The female-led government-in-exile
But with fellow prisoners it was different. She told me about making bouquets of three autumn leaves, to resemble the red-and-white opposition flag. Another form of hidden protest was doing work poorly at the sewing factory, which for her wasn’t hard to achieve. “It happened naturally because I’m not very skilled at sewing!” she laughed.
She was skilled at decorating, though. She told me how, in the colony, they only had black clothes, but they were permitted to mark these items with their names, in bleach, so that they wouldn’t get stolen. Along with some other political detainees, Afanasyeva added glittery paint to the bleach and marked one of her T-shirts with a “GRL PWR” inscription. She hid the T-shirt under other clothes, but secretly wearing it made her feel powerful.
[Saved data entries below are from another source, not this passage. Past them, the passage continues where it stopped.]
Lemma weak_norm_ge_level (p t r : R) (F : T -> R) : 0 < p -> 0 < t -> 0 <= r ->
  (r%:E <= mu [set x | (t < `|F x|)%R])%E ->
  ((t * r `^ p^-1)%:E <= weak_norm mu p F)%E.
Proof.
move=> p0 t0 r0 rA.
apply: (@le_trans _ _ (t%:E * poweR (mu [set x | (t < `|F x|)%R]) p^-1)%E).
  rewrite EFinM -poweR_EFin lee_wpmul2l ?lee_fin ?(ltW t0) //.
  by apply: gt0_ler_poweR; rewrite ?invr_ge0 ?(ltW p0) ?in_itv /= ?lee_fin ?leey ?andbT.
by rewrite /weak_norm; apply: ereal_sup_ubound; exists t.
Qed.

Lemma ae_impl (P : Prop) (Q : T -> Prop) :
  (P -> {ae mu, forall x, Q x}) -> {ae mu, forall x, P -> Q x}.
Proof.
move=> PQ; have [/PQ|nP] := pselect P; first by apply: filterS => x Qx _.
by apply: nearW => x /nP.
Qed.

Lemma ae_forall_in (P : nat -> Prop) (Q : nat -> T -> Prop) :
  (forall n, P n -> {ae mu, forall x, Q n x}) ->
  {ae mu, forall x, forall n, P n -> Q n x}.
Proof. by move=> PQ; apply: ae_foralln => n; apply: ae_impl; exact: PQ. Qed.

Lemma ae_null_set (P : T -> Prop) : {ae mu, forall x, P x} ->
  exists N, [/\ measurable N, mu N = 0 & forall x, ~ N x -> P x].
Proof.
move=> [N [mN N0 PN]]; exists N; split => // x Nx.
by apply: contra_notP Nx; exact: PN.
Qed.

End measure_lemmas.

Section disjoint_blocks.
Local Set Implicit Arguments.
Local Unset Strict Implicit.
Context {R : realType} {d : measure_display} {T : measurableType d}
  {mu : {measure set T -> \bar R}} {p delta : R} {k l : nat} {c : nat -> R}
  {f : nat -> T -> R} {sigma : nat -> nat -> set T} {N : set T}.
Hypotheses (p_gt0 : 0 < p) (delta_gt0 : 0 < delta).
Hypothesis c_gt0 : forall {m}, (1 <= m <= k)%N -> 0 < c m.
Hypothesis f_meas : forall {j}, (1 <= j <= l)%N -> measurable_fun setT (f j).
Hypothesis sigma_meas : forall {j m}, (1 <= j <= l)%N -> (1 <= m <= k)%N ->
  measurable (sigma m j).
Hypothesis sigma_disj : forall {j m m'}, (1 <= j <= l)%N -> (1 <= m <= k)%N ->
  (1 <= m' <= k)%N -> m <> m' -> sigma m j `&` sigma m' j = set0.
Hypothesis sigma_large : forall {j m}, (1 <= j <= l)%N -> (1 <= m <= k)%N ->
  (((delta / c m) `^ p)%:E < mu (sigma m j))%E.
Hypotheses (N_meas : measurable N) (N0 : mu N = 0).
Hypothesis f_ge : forall {j y}, (1 <= j <= l)%N -> ~ N y ->
  \sum_(1 <= m < k.+1) c m * \1_(sigma m j) y <= `|f j y|.
Hypothesis f_disj : forall {i j y}, (1 <= i <= l)%N -> (1 <= j <= l)%N -> i <> j ->
  ~ N y -> Num.min `|f i y| `|f j y| = 0.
As we talked, she lifted up the black T-shirt and showed me the words “GRL PWR” written on the back. She was able to smuggle it out of the penal colony. Now it reminds her of the years spent in imprisonment, but also of the bonds she formed with the other women, some of whom she still sees now that they’ve been released. “Many of them have become my close friends,” she tells me. “Going to the cinema, sharing a pizza, or even having a chat with someone who has been through a similar experience is easier. That’s why we stick together.”
Today, Lukashenko has regained total political control of Belarus, having dismantled the opposition and clamped down on civil society. And although he has released dozens of political prisoners under US pressure, many women dissidents remain in captivity. Inside Belarus, no one talks in public about the political prisoners. But their cause is considered a top priority by Belarusian civil society, which continues to organise abroad.
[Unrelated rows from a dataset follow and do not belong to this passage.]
Definition split_comp (A As : 'M[F]_n) (d : nat) (th ths : nat -> F) (i : nat)
  : 'M[F]_n :=
  ((\sum_(j < d.+1 | (j <= i)%N) prim_idem As d ths j)
     :&: (\sum_(j < d.+1 | (i <= j)%N) prim_idem A d th j))%MS.

End TD.

(* On the split component U_i the map K acts as q^(d-2i), so K is invertible
   and K^-1 acts as theta_i.  Since (A - theta_i I) U_i <= U_(i+1) and
   (A* - theta*_i I) U_i <= U_(i-1), the matrices L = A - K^-1 and R = A* - K
   satisfy L K = q^-2 K L and R K = q^2 K R; say they have weight q^-2 and q^2.
   The first gives A K - q^-2 K A = (1 - q^-2) I, which implies the q-Serre
   relation for (A, K); by linearity in the second argument this gives the
   first relation for B = A and B*.  For the second relation expand the Serre
   expression of B* = K + t R against A = K^-1 + L in powers of t.  A direct
   computation kills the K^-1 parts of the coefficients of t^0, t^1, t^2 and
   the L part of the constant term; the four remaining terms have weights
   1, q^2, q^4, q^6.  At t = 1 their sum is the Serre expression of (A*, A),
   which vanishes, and as q is not a root of unity each term vanishes
   separately; hence so does the whole polynomial in t. *)

From mathcomp Require Import all_boot all_order all_algebra ring zify.
Set Implicit Arguments. Unset Strict Implicit. Unset Printing Implicit Defensive.
Import GRing.Theory.
Local Open Scope ring_scope.

Section Weights.
Variables (F : fieldType) (n : nat) (K : 'M[F]_n).

Definition has_weight (a : F) (M : 'M[F]_n) := M *m K = a *: (K *m M).

Lemma has_weightM a b M N :
  has_weight a M -> has_weight b N -> has_weight (a * b) (M *m N).
Proof.
rewrite /has_weight => wM wN.
have -> : M *m N *m K = b *: (M *m K *m N) by rewrite -mulmxA wN -scalemxAr mulmxA.
by rewrite wM -scalemxAl scalerA mulrC !mulmxA.
Qed.

Lemma has_weightD a M N : has_weight a M -> has_weight a N -> has_weight a (M + N).
Proof. by rewrite /has_weight => wM wN; rewrite mulmxDl wM wN mulmxDr scalerDr. Qed.

Lemma has_weightN a M : has_weight a M -> has_weight a (- M).
Proof. by rewrite /has_weight => wM; rewrite mulNmx wM mulmxN scalerN. Qed.

Lemma has_weightZ a b M : has_weight a M -> has_weight a (b *: M).
Proof. by rewrite /has_weight => wM; rewrite -scalemxAl wM -scalemxAr !scalerA mulrC. Qed.

Lemma has_weight_eq a b M : a = b -> has_weight a M -> has_weight b M.
Proof. by move->. Qed.

Hypothesis K_unit : K \in unitmx.

(* Components of distinct weights are eigenvectors of [M |-> K^-1 M K] for
   distinct eigenvalues, hence linearly independent. *)
Lemma has_weight_sum_eq0 (I : eqType) (r : seq I) (w : I -> F) (M : I -> 'M[F]_n) :
  uniq (map w r) -> (forall i, i \in r -> has_weight (w i) (M i)) ->
  \sum_(i <- r) M i = 0 -> forall i, i \in r -> M i = 0.
Proof.
elim: r M => // j r IHr M /= /andP[wj_notin uniq_wr] wM.
rewrite big_cons => sum_eq0.
have wMj : has_weight (w j) (M j) by apply: wM; rewrite mem_head.
have wMr i : i \in r -> has_weight (w i) (M i).
  by move=> ir; apply: wM; rewrite inE ir orbT.
have scaled_eq0 : forall i, i \in r -> (w i - w j) *: M i = 0.
  apply: IHr => // [i ir|]; first exact/has_weightZ/wMr.
  apply: (can_inj (mulKmx K_unit)); rewrite mulmx0.
  have := congr1 (fun X => X *m K - w j *: (K *m X)) sum_eq0.
  rewrite /= mul0mx mulmx0 scaler0 subrr mulmxDl mulmxDr wMj scalerDr.
  rewrite opprD addrACA subrr add0r => eq0; rewrite -[RHS]eq0.
  rewrite mulmx_suml [K *m \sum_(i <- r) M i]mulmx_sumr scaler_sumr -sumrB.
  rewrite mulmx_sumr; apply: eq_big_seq => i ir.
  by rewrite (wMr i ir) -scalemxAr -scalerBl.
have Mr_eq0 i : i \in r -> M i = 0.
  move=> ir; have /eqP := scaled_eq0 i ir.
  rewrite scalemx_eq0 subr_eq0 => /orP[/eqP wij|/eqP //].
  by move: wj_notin; rewrite -wij map_f.
have Mj_eq0 : M j = 0.
  by move: sum_eq0; rewrite big1_seq ?addr0 // => i /andP[_ /Mr_eq0].
by move=> i; rewrite inE => /orP[/eqP -> //|/Mr_eq0].
Qed.

Lemma qWeyl_of_weight (A : 'M[F]_n) s :
  has_weight s (A - invmx K) -> A *m K = s *: (K *m A) + (1 - s) *: 1%:M.
Proof.
rewrite /has_weight mulmxBl mulmxBr mulVmx // mulmxV // => /eqP.
rewrite subr_eq => /eqP ->.
by apply/matrixP => i j; rewrite !mxE; ring.
Qed.

End Weights.

Section SerreTerm.
Variables (F : fieldType) (n : nat).
Implicit Types (c t : F) (K R X Y : 'M[F]_n).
The 2020 protests showed what civil society might be able to acheive, as well as women’s ability to take the lead. Within hours of her release in December, Maria Kolesnikova was filmed wearing her signature red lipstick and calling for the release of those who remain in prison. Tsikhanouskaya has formed a government-in-exile, which is preparing democratic reforms that, according to Zhukouskaya, will be implemented as soon as “a window of opportunity” opens for political changes.
When that happens, she hopes that civil society in Belarus will come together to build a new future. Perhaps it will be led by women – once they return from exile and are released from jail. Lukashenko has put much effort into cracking down on them. But listening to the women I spoke to gave me the feeling that the state hasn’t yet managed to crush this source of resilience and opposition.